Para além do diagnóstico, e com base nos critérios de evidências e melhores práticas, o livro propõe um conjunto de mecanismos ou instituições que deveriam se constituir como pilares de um projeto nacional de educação. Entre eles se inserem questões como a de uma política para atrair e formar docentes e gestores, currículos adequados, políticas integradas para a primeira infância, diversificação do ensino médio, avaliação, formas adequadas de financiamento e de articulação entre os níveis da federação. Não se trata de criar programas ou projetos efêmeros – trata-se de estimular o desenvolvimento de instituições, a partir de valores compartilhados e de mecanismos institucionais que assegurem a vitalidade permanente de políticas e práticas educativas.  Nesse campo, o Brasil possui pouco consenso e pouquíssimas instituições. É território a ser desbravado.

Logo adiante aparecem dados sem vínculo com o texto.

(* Assuming that $\mathcal{P}, \mathcal{Q}$ admit densities, we then obtain \begin{equation} W(\mathcal{P},\mathcal{Q})\leq \sum\limits_{y\in\mathcal{Y}} \check{W}_{y}(\mathcal{P},\mathcal{Q}), \end{equation} where we have a class-weighted joint distribution unbalanced Wasserstein distance $\check{W}_{y}(\mathcal{P},\mathcal{Q})$ defined as $$\check{W}_{y}(\mathcal{P},\mathcal{Q}) = \sup\limits_{\|\varphi_y\|_{Lip}\leq 1} \mathbb{E}_{z\sim\mathcal{P}_\mathcal{Z}}\left[\varphi_y(z,y)\mathcal{P}(Y=y|z)\right]-\mathbb{E}_{z\sim\mathcal{Q}_\mathcal{Z}}\left[\varphi_y(z,y)\mathcal{Q}(Y=y|z)\right].$$
   Context: $\mathcal{Z}\subset\mathbb{R}^d$ is a compact measurable feature space and $\mathcal{Y}$ a finite (discrete) label space; $\mathcal{P},\mathcal{Q}$ are probability distributions on $\mathcal{Z}\times\mathcal{Y}$ (the observed, partially labeled joint distributions of two domains), with marginals $\mathcal{P}_\mathcal{Z},\mathcal{Q}_\mathcal{Z}$ on $\mathcal{Z}$ and conditionals $\mathcal{P}(Y=y|z)$, $\mathcal{Q}(Y=y|z)$. $W$ is the 1-Wasserstein distance with cost the Euclidean metric on $\mathcal{Z}\times\mathcal{Y}$, i.e. $W(\mathcal{P},\mathcal{Q})=\sup_{\|\varphi\|_{Lip}\le 1}\mathbb{E}_{\mathcal{P}}[\varphi]-\mathbb{E}_{\mathcal{Q}}[\varphi]$ (Kantorovich–Rubinstein dual), and $\|\varphi_y\|_{Lip}$ denotes the Lipschitz constant of $\varphi_y$. *)

From HB Require Import structures.
From mathcomp Require Import all_boot all_order all_algebra.
From mathcomp Require Import all_classical all_reals all_analysis.
Set Implicit Arguments. Unset Strict Implicit. Unset Printing Implicit Defensive.
Import Order.TTheory GRing.Theory Num.Theory.
Import numFieldNormedType.Exports.
Local Open Scope classical_set_scope.
Local Open Scope ring_scope.

Definition feat (R : realType) (d : nat) :=
  g_sigma_algebraType (@open 'rV[R]_d).

(* Euclidean metric on Z x Y, where labels y are embedded in R^k by lab. *)
Definition eucl_dist (R : realType) (d k : nat) (Y : Type) (lab : Y -> 'rV[R]_k)
  (z1 : 'rV[R]_d) (y1 : Y) (z2 : 'rV[R]_d) (y2 : Y) : R :=
  Num.sqrt (\sum_(i < d) (z1 ord0 i - z2 ord0 i) ^+ 2
          + \sum_(j < k) (lab y1 ord0 j - lab y2 ord0 j) ^+ 2).

Definition lip1 (R : realType) (d k : nat) (Y : Type) (lab : Y -> 'rV[R]_k)
  (Z : set 'rV[R]_d) (phi : 'rV[R]_d -> Y -> R) : Prop :=
  forall z1 z2 y1 y2, Z z1 -> Z z2 ->
    `|phi z1 y1 - phi z2 y2| <= eucl_dist lab z1 y1 z2 y2.

(* p is a probability density on Z x Y w.r.t. mu (x) counting measure. *)
Definition is_density (R : realType) (d : nat) (Y : finType)
  (mu : {measure set (feat R d) -> \bar R}) (Z : set (feat R d))
  (p : feat R d -> Y -> R) : Prop :=
  [/\ forall z y, 0 <= p z y,
      forall y, measurable_fun Z (fun z => p z y) &
      (\int[mu]_(z in Z) (\sum_(y : Y) p z y)%:E = 1)%E].

Definition marg (R : realType) (d : nat) (Y : finType) (p : feat R d -> Y -> R)
  (z : feat R d) : R := \sum_(y : Y) p z y.
Definition cond (R : realType) (d : nat) (Y : finType) (p : feat R d -> Y -> R)
  (y : Y) (z : feat R d) : R := p z y / marg p z.

Definition Ejoint (R : realType) (d : nat) (Y : finType)
  (mu : {measure set (feat R d) -> \bar R}) (Z : set (feat R d))
  (p : feat R d -> Y -> R) (phi : 'rV[R]_d -> Y -> R) : \bar R :=
  (\int[mu]_(z in Z) (\sum_(y : Y) phi z y * p z y)%:E)%E.

Definition Emarg (R : realType) (d : nat) (Y : finType)
  (mu : {measure set (feat R d) -> \bar R}) (Z : set (feat R d))
  (p : feat R d -> Y -> R) (g : 'rV[R]_d -> R) : \bar R :=
  (\int[mu]_(z in Z) (g z * marg p z)%:E)%E.

(* 1-Wasserstein distance (Kantorovich-Rubinstein dual) *)
Definition W1 (R : realType) (d k : nat) (Y : finType) (lab : Y -> 'rV[R]_k)
  (mu : {measure set (feat R d) -> \bar R}) (Z : set (feat R d))
  (p q : feat R d -> Y -> R) : \bar R :=
  ereal_sup [set (Ejoint mu Z p phi - Ejoint mu Z q phi)%E
            | phi in [set phi | lip1 lab Z phi]].

Definition Wcheck (R : realType) (d k : nat) (Y : finType) (lab : Y -> 'rV[R]_k)
  (mu : {measure set (feat R d) -> \bar R}) (Z : set (feat R d))
  (p q : feat R d -> Y -> R) (y : Y) : \bar R :=
  ereal_sup [set (Emarg mu Z p (fun z => (phi z y * cond p y z)%R)
                  - Emarg mu Z q (fun z => (phi z y * cond q y z)%R))%E
            | phi in [set phi | lip1 lab Z phi]].

From HB Require Import structures.
From mathcomp Require Import all_boot all_order all_algebra.
From mathcomp Require Import all_classical all_reals all_analysis.
From mathcomp Require Import measurable_realfun.
Import Order.TTheory GRing.Theory Num.Theory.
Import numFieldNormedType.Exports.
Local Open Scope classical_set_scope.
Local Open Scope ring_scope.
Set Implicit Arguments.
Unset Strict Implicit.
Unset Printing Implicit Defensive.

(* Every 1-Lipschitz test function phi of the dual formula for W splits over the
   finite label set into its class components phi(., y).  Since
   p(z, y) = P(Y = y | z) p_Z(z), the y-th component of E_P[phi] - E_Q[phi] is
   one of the quantities whose supremum defines W_y, so it is at most W_y;
   summing over y and taking the supremum over phi gives the inequality.
   Splitting the integral requires integrability: phi(., y) is Lipschitz, hence
   continuous, hence Borel measurable and bounded on the compact set Z. *)

Lemma coord_le_mx_norm (K : realDomainType) m n (x : 'M[K]_(m, n)) i j :
  `|x i j| <= `|x|.
Proof. by rewrite [leRHS]mx_normrE; exact: (le_bigmax _ _ (i, j)). Qed.

Lemma klipschitz_within_continuous (K : realFieldType) (V W : normedModType K)
    (k : K) (A : set V) (f : V -> W) :
  k.-lipschitz_A f -> {within A, continuous f}.
Proof.
move=> fk; apply/subspace_continuousP => x Ax.
apply/cvgrPdist_lt => e e0.
have k1 : 0 < `|k| + 1 by rewrite ltr_wpDl.
rewrite near_withinE; near=> z => Az.
apply: (le_lt_trans (fk (x, z) _)); first by split.
have kk : k <= `|k| + 1 by rewrite (le_trans (ler_norm k)) ?lerDl.
rewrite (le_lt_trans (ler_wpM2r (normr_ge0 _) kk)) // -ltr_pdivlMl //.
by near: z; apply: cvgr_dist_lt; [exact: cvg_id | rewrite mulr_gt0 ?invr_gt0].
Unshelve. all: by end_near.
Qed.

Lemma within_continuous_measurable_fun (T : ptopologicalType) (R : realType)
    (D : set T) (f : T -> R) :
  (@open T).-sigma.-measurable D -> {within D, continuous f} ->
  measurable_fun (D : set (g_sigma_algebraType (@open T))) f.
Proof.
move=> mD /continuousP cf; apply: (measurability _ (RGenOpens.measurableE R)).
move=> _ [_ [a [b ->] <-]].
have /open_subspaceP [U oU UD] :=
  cf _ (@interval_open _ (BRight a) (BLeft b) isT isT).
rewrite setIC -UD; apply: measurableI => //.
exact: sub_sigma_algebra.
Qed.

Lemma eucl_dist_same_label (R : realType) (d k : nat) (Y : Type)
    (lab : Y -> 'rV[R]_k) (a b : 'rV[R]_d) (y : Y) :
  eucl_dist lab a y b y <= Num.sqrt d%:R * `|a - b|.
Proof.
rewrite /eucl_dist [X in _ + X]big1 ?addr0 => [|j _]; last first.
  by rewrite subrr expr0n.
have -> : Num.sqrt d%:R * `|a - b| = Num.sqrt (\sum_(i < d) `|a - b| ^+ 2).
  rewrite sumr_const card_ord -[`|a - b| ^+ 2 *+ d]mulr_natl.
  by rewrite sqrtrM ?ler0n // sqrtr_sqr normr_id.
rewrite ler_sqrt; last by apply: sumr_ge0 => i _; exact: sqr_ge0.
apply: ler_sum => i _; rewrite -real_normK ?num_real // ler_sqr ?nnegrE //.
by have := coord_le_mx_norm (a - b) ord0 i; rewrite !mxE.
Qed.

Lemma lip1_klipschitz (R : realType) (d k : nat) (Y : Type)
    (lab : Y -> 'rV[R]_k) (Z : set 'rV[R]_d) (phi : 'rV[R]_d -> Y -> R)
    (y : Y) :
  lip1 lab Z phi -> (Num.sqrt d%:R).-lipschitz_Z (phi^~ y).
Proof.
move=> phi1 [z1 z2] [/= Z1 Z2].
exact: le_trans (phi1 _ _ y y Z1 Z2) (eucl_dist_same_label _ _ _ _).
Qed.

Section densities.
Variables (R : realType) (d : nat) (Y : finType).
Variables (mu : {measure set (feat R d) -> \bar R}) (Z : set (feat R d)).
Hypothesis mZ : measurable Z.

Lemma density_integrable (r : feat R d -> Y -> R) (y : Y) :
  is_density mu Z r -> mu.-integrable Z (fun z => (r z y)%:E).
Proof.
case=> r0 rm rint.
have mmarg : measurable_fun Z (marg r) by apply: measurable_sum.
apply: (le_integrable mZ (g := fun z => (marg r z)%:E)).
- exact/measurable_EFinP.
- move=> z _; rewrite lee_fin !ger0_norm ?sumr_ge0 //.
  by rewrite /marg (bigD1 y) //= lerDl sumr_ge0.
- apply/integrableP; split; first exact/measurable_EFinP.
  under eq_integral do rewrite gee0_abs ?lee_fin ?sumr_ge0 //.
  by rewrite rint ltry.
Qed.

Lemma cond_mul_marg (r : feat R d -> Y -> R) (y : Y) (z : feat R d) :
  (forall y, 0 <= r z y) -> cond r y z * marg r z = r z y.
Proof.
(* Where the marginal vanishes, [cond] takes the junk value [r z y / 0 = 0],
   but then [r z y = 0] as well. *)
move=> r0; rewrite /cond; have [m0|m0] := eqVneq (marg r z) 0.
  by rewrite m0 mulr0; apply/esym/(psumr_eq0P (fun i _ => r0 i) m0).
by rewrite divfK.
Qed.

Lemma Emarg_mul_cond (r : feat R d -> Y -> R) (g : 'rV[R]_d -> R) (y : Y) :
  (forall z y, 0 <= r z y) ->
  Emarg mu Z r (fun z => g z * cond r y z)
  = (\int[mu]_(z in Z) (g z * r z y)%:E)%E.
Proof.
by move=> r0; apply: eq_integral => z _; rewrite -mulrA cond_mul_marg.
Qed.

End densities.

Section lipschitz_test_functions.
Variables (R : realType) (d k : nat) (Y : finType) (lab : Y -> 'rV[R]_k).
Variables (mu : {measure set (feat R d) -> \bar R}) (Z : set 'rV[R]_d).
Hypotheses (cZ : compact Z) (mZ : measurable (Z : set (feat R d))).
Variables (phi : 'rV[R]_d -> Y -> R) (phi1 : lip1 lab Z phi).

Lemma lip1_mul_density_integrable (r : feat R d -> Y -> R) (y : Y) :
  is_density mu Z r -> mu.-integrable Z (fun z => (phi z y * r z y)%:E).
Proof.
move=> hr; have cphi := klipschitz_within_continuous (lip1_klipschitz y phi1).
have mphi := within_continuous_measurable_fun mZ cphi.
have /compact_bounded[M [_ phiM]] := continuous_compact cphi cZ.
have bphi : [bounded phi z y | z in (Z : set (feat R d))].
  exists M; split; rewrite ?num_real // => N MN z Zz.
  by apply: phiM => //; exists z.
have := integrableMr mZ mphi bphi (density_integrable mZ y hr).
by apply: (eq_integrable mZ) => z _ /=; rewrite EFinM.
Qed.

Lemma Ejoint_sum (r : feat R d -> Y -> R) : is_density mu Z r ->
  Ejoint mu Z r phi = (\sum_(y : Y) \int[mu]_(z in Z) (phi z y * r z y)%:E)%E.
Proof.
move=> hr; rewrite /Ejoint; under eq_integral do rewrite -sumEFin.
exact: (integral_sum mZ (fun y => lip1_mul_density_integrable y hr)).
Qed.

End lipschitz_test_functions.

Theorem lemma3 (R : realType) (d k : nat) (Y : finType)
  (lab : Y -> 'rV[R]_k) (lab_inj : injective lab)
  (Z : set 'rV[R]_d) (Zcpt : compact Z) (Zmeas : measurable (Z : set (feat R d)))
  (mu : {measure set (feat R d) -> \bar R})
  (p q : feat R d -> Y -> R)
  (hp : is_density mu Z p) (hq : is_density mu Z q) :
  (W1 lab mu Z p q <= \sum_(y : Y) Wcheck lab mu Z p q y)%E.
Proof.
apply: ge_ereal_sup => _ [phi phi1 <-].
rewrite !(Ejoint_sum Zcpt Zmeas phi1) // -fin_num_sumeN => [|y _]; last first.
  exact/integrable_fin_num/(lip1_mul_density_integrable Zcpt Zmeas phi1).
rewrite -big_split /=; apply: lee_sum => y _.
have [[p0 _ _] [q0 _ _]] := (hp, hq).
rewrite -(Emarg_mul_cond _ _ _ _ p0) -(Emarg_mul_cond _ _ _ _ q0).
by apply: ereal_sup_ubound; exists phi.
Qed.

O sucesso de qualquer reforma educativa se mede pela sua capacidade de alterar o que acontece dentro da sala de aula. E esta também é a grande dificuldade de qualquer reforma – chegar ao destino.  Mesmo reconhecendo os desafios e entraves para o sucesso de qualquer reforma, o livro aponta alguns caminhos que – com base em instituições sólidas – poderiam contribuir para iniciar um processo de melhoria da qualidade da educação no Brasil.  Entre esses incluem-se sugestões para repensar a questão do magistério, políticas adequadas para cada nível de ensino, formas inovadoras de financiamento e de estímulo à inovação e novos papéis para os diferentes níveis de governo.

Esta é a proposta deste livro. Sem qualquer ambição de oferecer “a solução”, propomos um debate a respeito das escolas que temos, dos fundamentos de um projeto educacional apoiado num conceito minimamente adequado de Escola e nas possibilidades e limites que temos para repensar essa instituição.

Nossas crianças e jovens não estão aprendendo como deveriam e poderiam, estão sendo privados de participar dos benefícios e oportunidades oferecidas aqui e fora de nosso país, mas, sobretudo, estão sendo privados de uma educação que lhes permita fazer melhor do que fez a nossa geração. É nossa responsabilidade ajudar a encontrar e corrigir os rumos. Por isso, este livro serve também de alerta, convite e convocação ao debate.